The aim of this study was to explore the sites of metabolic changes with [(18)F]2-fluoro-2-desoxy-D-glucose (FDG) and positron emission tomography (PET) in patients with Creutzfeldt-Jakob disease and to correlate the findings with clinical symptoms. Static [(18)F]FDG-PET studies of eight patients with the diagnosis of confirmed or probable CJD were retrospectively analysed by two physicians from departments of nuclear medicine independently with a strong interrater agreement (kappa=0,98). The clinical data of the patients, based on a standardized evaluation by physicians from the German Creutzfeldt-Jakob disease surveillance study, was correlated with the PET findings. [(18)F]FDG-PET shows widespread hypometabolism in CJD. All patients had a reduction of cerebral glucose metabolism in at least one temporal or parietal region.
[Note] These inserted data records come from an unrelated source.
Definition IsCokernel (C : PreAdd) (a b c : C) (f : hom a b) (p : hom b c) : Prop :=
  heq (comp p f) (zero a c) /\
  forall (d : C) (g : hom b d), heq (comp g f) (zero a d) ->
    (exists h : hom c d, heq (comp h p) g) /\
    (forall h h' : hom c d, heq (comp h p) g -> heq (comp h' p) g -> heq h h').

Definition HasCokernels (C : PreAdd) : Prop :=
  forall (a b : C) (f : hom a b), exists (c : C) (p : hom b c), IsCokernel f p.

Section Freyd.
Variables (A : PreAdd) (HA : IsPreadditive A).

Let hrefl {a b : A} (f : hom a b) := heq_refl (pa_cat HA) f.
Let hsym {a b : A} {f g : hom a b} := @heq_sym _ (pa_cat HA) a b f g.
Let htrans {a b : A} {f g h : hom a b} := @heq_trans _ (pa_cat HA) a b f g h.
Let cresp {a b c : A} {f f' : hom b c} {g g' : hom a b} :=
  @comp_resp _ (pa_cat HA) a b c f f' g g'.
Let cassoc {a b c d : A} (f : hom c d) (g : hom b c) (h : hom a b) :=
  comp_assoc (pa_cat HA) f g h.

Lemma pa_comp_zero_l {a b c : A} (f : hom a b) : heq (comp (zero b c) f) (zero a c).
Proof.
set x := comp (zero b c) f.
have hx : heq x (add x x).
  apply: (htrans _ (comp_addl HA _ _ _)).
  exact: (cresp (hsym (add0l HA _)) (hrefl f)).
have [g hg] := addN HA x.
apply: hsym; apply: (htrans (hsym hg)).
apply: (htrans (add_resp HA hx (hrefl g)) _).
apply: (htrans (hsym (addA HA _ _ _)) _).
apply: (htrans (add_resp HA (hrefl x) hg) _).
apply: (htrans (addC HA _ _) _); exact: (add0l HA _).
Qed.

Lemma pa_comp_zero_r {a b c : A} (f : hom b c) : heq (comp f (zero a b)) (zero a c).
Proof.
set x := comp f (zero a b).
have hx : heq x (add x x).
  apply: (htrans _ (comp_addr HA _ _ _)).
  exact: (cresp (hrefl f) (hsym (add0l HA _))).
have [g hg] := addN HA x.
apply: hsym; apply: (htrans (hsym hg)).
apply: (htrans (add_resp HA hx (hrefl g)) _).
apply: (htrans (hsym (addA HA _ _ _)) _).
apply: (htrans (add_resp HA (hrefl x) hg) _).
apply: (htrans (addC HA _ _) _); exact: (add0l HA _).
Qed.

Definition FObj := { a : A & { r : A & hom r a } }.
Definition Fa (X : FObj) : A := projT1 X.
Definition Fr (X : FObj) : A := projT1 (projT2 X).
Definition Frho (X : FObj) : hom (Fr X) (Fa X) := projT2 (projT2 X).

Definition FHom (X Y : FObj) :=
  { f : hom (Fa X) (Fa Y) | exists w : hom (Fr X) (Fr Y),
      heq (comp f (Frho X)) (comp (Frho Y) w) }.

(* alpha ~ alpha' iff alpha - alpha' = rho_b lambda,
   written (without negation) as alpha = alpha' + rho_b lambda *)
Definition FHeq (X Y : FObj) (f g : FHom X Y) : Prop :=
  exists l : hom (Fa X) (Fr Y),
    heq (proj1_sig f) (add (proj1_sig g) (comp (Frho Y) l)).

Lemma Fcomp_ok (X Y Z : FObj) (g : FHom Y Z) (f : FHom X Y) :
  exists w : hom (Fr X) (Fr Z),
    heq (comp (comp (proj1_sig g) (proj1_sig f)) (Frho X)) (comp (Frho Z) w).
Proof.
case: f => f [w1 h1]; case: g => g [w2 h2] /=.
exists (comp w2 w1).
apply: (htrans (hsym (cassoc _ _ _)) _).
apply: (htrans (cresp (hrefl g) h1) _).
apply: (htrans (cassoc _ _ _) _).
apply: (htrans (cresp h2 (hrefl w1)) _).
exact: (hsym (cassoc _ _ _)).
Qed.

Lemma Fid_ok (X : FObj) :
  exists w : hom (Fr X) (Fr X), heq (comp (idm (Fa X)) (Frho X)) (comp (Frho X) w).
Proof.
exists (idm _).
apply: (htrans (comp_idl (pa_cat HA) _) _).
exact: (hsym (comp_idr (pa_cat HA) _)).
Qed.

Lemma Fzero_ok (X Y : FObj) :
  exists w : hom (Fr X) (Fr Y),
    heq (comp (zero (Fa X) (Fa Y)) (Frho X)) (comp (Frho Y) w).
Proof.
exists (zero _ _).
apply: (htrans (pa_comp_zero_l _) _).
exact: (hsym (pa_comp_zero_r _)).
Qed.

Lemma Fadd_ok (X Y : FObj) (f g : FHom X Y) :
  exists w : hom (Fr X) (Fr Y),
    heq (comp (add (proj1_sig f) (proj1_sig g)) (Frho X)) (comp (Frho Y) w).
Proof.
case: f => f [w1 h1]; case: g => g [w2 h2] /=.
exists (add w1 w2).
apply: (htrans (comp_addl HA _ _ _) _).
apply: (htrans (add_resp HA h1 h2) _).
exact: (hsym (comp_addr HA _ _ _)).
Qed.

Definition FreydCat : Cat := {|
  ob := FObj;
  hom := FHom;
  heq := FHeq;
  comp := fun X Y Z g f => exist _ _ (Fcomp_ok g f);
  idm := fun X => exist _ _ (Fid_ok X) |}.

Definition Freyd : PreAdd := {|
  pcat := FreydCat;
  zero := fun X Y => exist _ _ (Fzero_ok X Y) : @hom FreydCat X Y;
  add := fun X Y f g => exist _ _ (Fadd_ok f g) : @hom FreydCat X Y |}.

End Freyd.

Definition upd (I : eqType) (T : I -> Type) (x : forall i, T i) (k : I) (y : T k)
  : forall i, T i :=
  fun i => match eq_comparable k i with
           | left e => eq_rect k T y i e
           | right _ => x i end.

Arguments upd {I T} x k y i.

Definition updm (I : eqType) (C : I -> Cat) (x : forall i, ob (C i)) (k : I)
  (a b : C k) (f : hom a b) :
  forall i, hom (upd x k a i) (upd x k b i) :=
  fun i => match eq_comparable k i as d return
             hom (match d with left e => eq_rect k (fun j => ob (C j)) a i e
                             | right _ => x i end)
                 (match d with left e => eq_rect k (fun j => ob (C j)) b i e
                             | right _ => x i end) with
           | left e => match e as e0 in _ = j return
                         hom (eq_rect k (fun j => ob (C j)) a j e0)
                             (eq_rect k (fun j => ob (C j)) b j e0) with
                       | erefl => f end
           | right _ => idm (x i) end.

Arguments updm {I C} x k {a b} f i.

Section FunCat.
Variables (I : eqType) (C : I -> PreAdd) (B : PreAdd) (HB : IsCat B).

Record MFun := {
  Fob : (forall i, ob (C i)) -> ob B;
  Fmap : forall x y : (forall i, ob (C i)),
      (forall i, hom (x i) (y i)) -> hom (Fob x) (Fob y) }.

Definition IsMFunctor (F : MFun) : Prop :=
  [/\ (forall x y (f g : forall i, hom (x i) (y i)),
         (forall i, heq (f i) (g i)) -> heq (Fmap F f) (Fmap F g)),
      (forall x, heq (Fmap F (fun i => idm (x i))) (idm (Fob F x)))
    & (forall x y z (f : forall i, hom (x i) (y i)) (g : forall i, hom (y i) (z i)),
         heq (Fmap F (fun i => comp (g i) (f i))) (comp (Fmap F g) (Fmap F f)))].

Definition Multilinear (F : MFun) : Prop :=
  forall (x : forall i, ob (C i)) (k : I) (a b : C k) (f g : hom a b),
    heq (Fmap F (updm x k (add f g)))
        (add (Fmap F (updm x k f)) (Fmap F (updm x k g))).

Definition RightExact (F : MFun) : Prop :=
  forall (x : forall i, ob (C i)) (k : I) (a b c : C k) (f : hom a b) (p : hom b c),
    IsCokernel f p -> IsCokernel (Fmap F (updm x k f)) (Fmap F (updm x k p)).

Definition NT (F G : MFun) :=
  { eta : forall x, hom (Fob F x) (Fob G x) |
    forall x y (f : forall i, hom (x i) (y i)),
      heq (comp (eta y) (Fmap F f)) (comp (Fmap G f) (eta x)) }.

Lemma NTcomp_ok (F G H : MFun) (t : NT G H) (s : NT F G) :
  forall x y (f : forall i, hom (x i) (y i)),
    heq (comp (comp (proj1_sig t y) (proj1_sig s y)) (Fmap F f))
        (comp (Fmap H f) (comp (proj1_sig t x) (proj1_sig s x))).
Proof.
case: t => t ht; case: s => s hs /= x y f.
apply: (heq_trans HB (heq_sym HB (comp_assoc HB _ _ _))).
apply: (heq_trans HB (comp_resp HB (heq_refl HB _) (hs _ _ f))).
apply: (heq_trans HB (comp_assoc HB _ _ _)).
apply: (heq_trans HB (comp_resp HB (ht _ _ f) (heq_refl HB _))).
exact: (heq_sym HB (comp_assoc HB _ _ _)).
Qed.

Lemma NTid_ok (F : MFun) :
  forall x y (f : forall i, hom (x i) (y i)),
    heq (comp (idm (Fob F y)) (Fmap F f)) (comp (Fmap F f) (idm (Fob F x))).
Proof.
move=> x y f; apply: (heq_trans HB (comp_idl HB _)).
exact: (heq_sym HB (comp_idr HB _)).
Qed.

Definition FunCat (P : MFun -> Prop) : Cat := {|
  ob := { F : MFun | P F };
  hom := fun F G => NT (proj1_sig F) (proj1_sig G);
  heq := fun F G s t => forall x, heq (proj1_sig s x) (proj1_sig t x);
  comp := fun F G H t s =>
            exist _ (fun x => comp (proj1_sig t x) (proj1_sig s x)) (NTcomp_ok t s);
  idm := fun F => exist _ (fun x => idm (Fob (proj1_sig F) x)) (NTid_ok (proj1_sig F)) |}.

Definition LinCat : Cat := FunCat (fun F => IsMFunctor F /\ Multilinear F).
Definition LinCokCat : Cat :=
  FunCat (fun F => [/\ IsMFunctor F, Multilinear F & RightExact F]).

End FunCat.

Record Functor (C D : Cat) := {
  fo : C -> D;
  fm : forall a b : C, hom a b -> hom (fo a) (fo b) }.

Definition IsFunctor (C D : Cat) (F : Functor C D) : Prop :=
  [/\ (forall a b (f g : hom a b), heq f g -> heq (fm F f) (fm F g)),
      (forall a, heq (fm F (idm a)) (idm (fo F a)))
    & (forall a b c (f : hom a b) (g : hom b c),
         heq (fm F (comp g f)) (comp (fm F g) (fm F f)))].

Definition NatIsoId (C D : Cat) (F : Functor C D) (G : Functor D C) : Prop :=
  exists eta : forall a : C, hom (fo G (fo F a)) a,
    (forall a, exists e : hom a (fo G (fo F a)),
        heq (comp (eta a) e) (idm a) /\ heq (comp e (eta a)) (idm _)) /\
    (forall a b (f : hom a b), heq (comp f (eta a)) (comp (eta b) (fm G (fm F f)))).

Definition CatEquiv (C D : Cat) : Prop :=
  exists (F : Functor C D) (G : Functor D C),
    [/\ IsFunctor F, IsFunctor G, NatIsoId F G & NatIsoId G F].

(* A multilinear [F : prod_i A_i -> B] extends to the Freyd categories by sending a family
   of objects [a_i <-rho_i- r_i] to the joint cokernel of the [n] maps
   [F(a_1, .., rho_j, .., a_n)], built by iterating binary cokernels of [B]. The extension is
   right exact in the [k]-th variable because a cokernel [p] in the Freyd category of [A_k]
   has a section up to relations and to the image of the map it is a cokernel of; computing
   that section uses biproducts in [A_k]. In the other direction a right exact functor is
   restricted along [a |-> (a <-0- a)]. Restricting an extension gives [F] back since on
   these free objects all relations vanish; extending a restriction gives [H] back since each
   [X] is the cokernel of the free morphism [rho_X], so that, by right exactness in one
   variable at a time, [H X] is the same joint cokernel. *)

From mathcomp Require Import ssreflect ssrfun ssrbool eqtype ssrnat fintype.
From Stdlib Require Import Setoid Morphisms ProofIrrelevance IndefiniteDescription.

Set Implicit Arguments.
Unset Strict Implicit.
Unset Printing Implicit Defensive.

Existing Class IsCat.
Existing Class IsPreadditive.
#[global] Existing Instance pa_cat.

#[global] Instance heq_Equivalence (C : Cat) {HC : IsCat C} (a b : C) :
  Equivalence (@heq C a b).
Proof. by split=> [f|f g|f g h]; [apply: heq_refl|apply: heq_sym|apply: heq_trans]. Qed.

#[global] Instance comp_Proper (C : Cat) {HC : IsCat C} (a b c : C) :
  Proper (heq ==> heq ==> heq) (@comp C a b c).
Proof. by move=> f f' Hf g g' Hg; apply: comp_resp. Qed.

#[global] Instance add_Proper (A : PreAdd) {HA : IsPreadditive A} (a b : A) :
  Proper (heq ==> heq ==> heq) (@add A a b).
Proof. by move=> f f' Hf g g' Hg; apply: add_resp. Qed.

#[global] Hint Extern 0 (heq _ _) => reflexivity : core.

Section CatTheory.
Context {C : Cat} {HC : IsCat C}.

Lemma comp1m (a b : C) (f : hom a b) : heq (comp (idm b) f) f.
Proof. exact: comp_idl. Qed.

Lemma compm1 (a b : C) (f : hom a b) : heq (comp f (idm a)) f.
Proof. exact: comp_idr. Qed.

Lemma compA (a b c d : C) (f : hom c d) (g : hom b c) (h : hom a b) :
  heq (comp f (comp g h)) (comp (comp f g) h).
Proof. exact: comp_assoc. Qed.

Definition Epi (a b : C) (e : hom a b) : Prop :=
  forall d (h h' : hom b d), heq (comp h e) (comp h' e) -> heq h h'.

Lemma epi_transport (a b a' b' : C) (e : hom a b) (p : hom a' b') (u : hom a a')
    (u' : hom a' a) (v : hom b b') (v' : hom b' b) :
  Epi p -> heq (comp v e) (comp p u) -> heq (comp u u') (idm a') -> heq (comp v' v) (idm b) ->
  Epi e.
Proof.
move=> Ep Ev uu' v'v d h1 h2 E.
have K (h : hom b d) : heq (comp (comp h v') p) (comp (comp h e) u').
  rewrite -[p]compm1 -uu' -!compA (compA p u) -Ev -!compA (compA v' v) v'v comp1m.
  by rewrite !compA.
have E2 : heq (comp h1 v') (comp h2 v') by apply: Ep; rewrite !K E.
by rewrite -[h1]compm1 -v'v compA E2 -compA v'v compm1.
Qed.

(* Families such as [upd x k (x k)] agree with [x] only up to propositional equality of
   objects, which these identities absorb. *)
Definition idcast (a b : C) (e : a = b) : hom a b :=
  match e in _ = b' return hom a b' with erefl => idm a end.

Lemma idcast_pi (a b : C) (e e' : a = b) : idcast e = idcast e'.
Proof. by rewrite (proof_irrelevance _ e e'). Qed.

Lemma idcast_id (a : C) (e : a = a) : idcast e = idm a.
Proof. by rewrite (proof_irrelevance _ e erefl). Qed.

Lemma idcast_comp (a b c : C) (e : a = b) (e' : b = c) :
  heq (comp (idcast e') (idcast e)) (idcast (etrans e e')).
Proof. by case: c / e'; case: b / e; apply: comp1m. Qed.

Lemma idcastKV (a b : C) (e : a = b) : heq (comp (idcast (esym e)) (idcast e)) (idm a).
Proof. by case: b / e; apply: comp1m. Qed.

Lemma idcastVK (a b : C) (e : a = b) : heq (comp (idcast e) (idcast (esym e))) (idm b).
Proof. by case: b / e; apply: comp1m. Qed.

End CatTheory.

Section PreaddTheory.
Context {A : PreAdd} {HA : IsPreadditive A}.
Additionally in 7 of our own 8 cases and 3 of 4 cases from the literature the occipital lobe, the cerebellum or the basal ganglia were involved. These findings differ from typical patterns of hypometabolism in Alzheimer's disease and other neurodegenerative disorders. In two thirds of the cases the distribution was markedly asymmetric. Myoclonus was present in five out of our eight own cases. Our data suggest that myoclonus might correlate with metabolic impairment of contralateral parietal and temporal lobes. In three of four patients with visual symptoms FDG uptake was reduced in the visual cortex bilaterally. Typical hyperintensities on MRI were only found in two of the eight cases at the time of PET-studies. Our results demonstrate that [(18)F]FDG-PET appears to be a sensitive investigation in CJD and could be useful to differentiate CJD from other neurodegenerative disorders.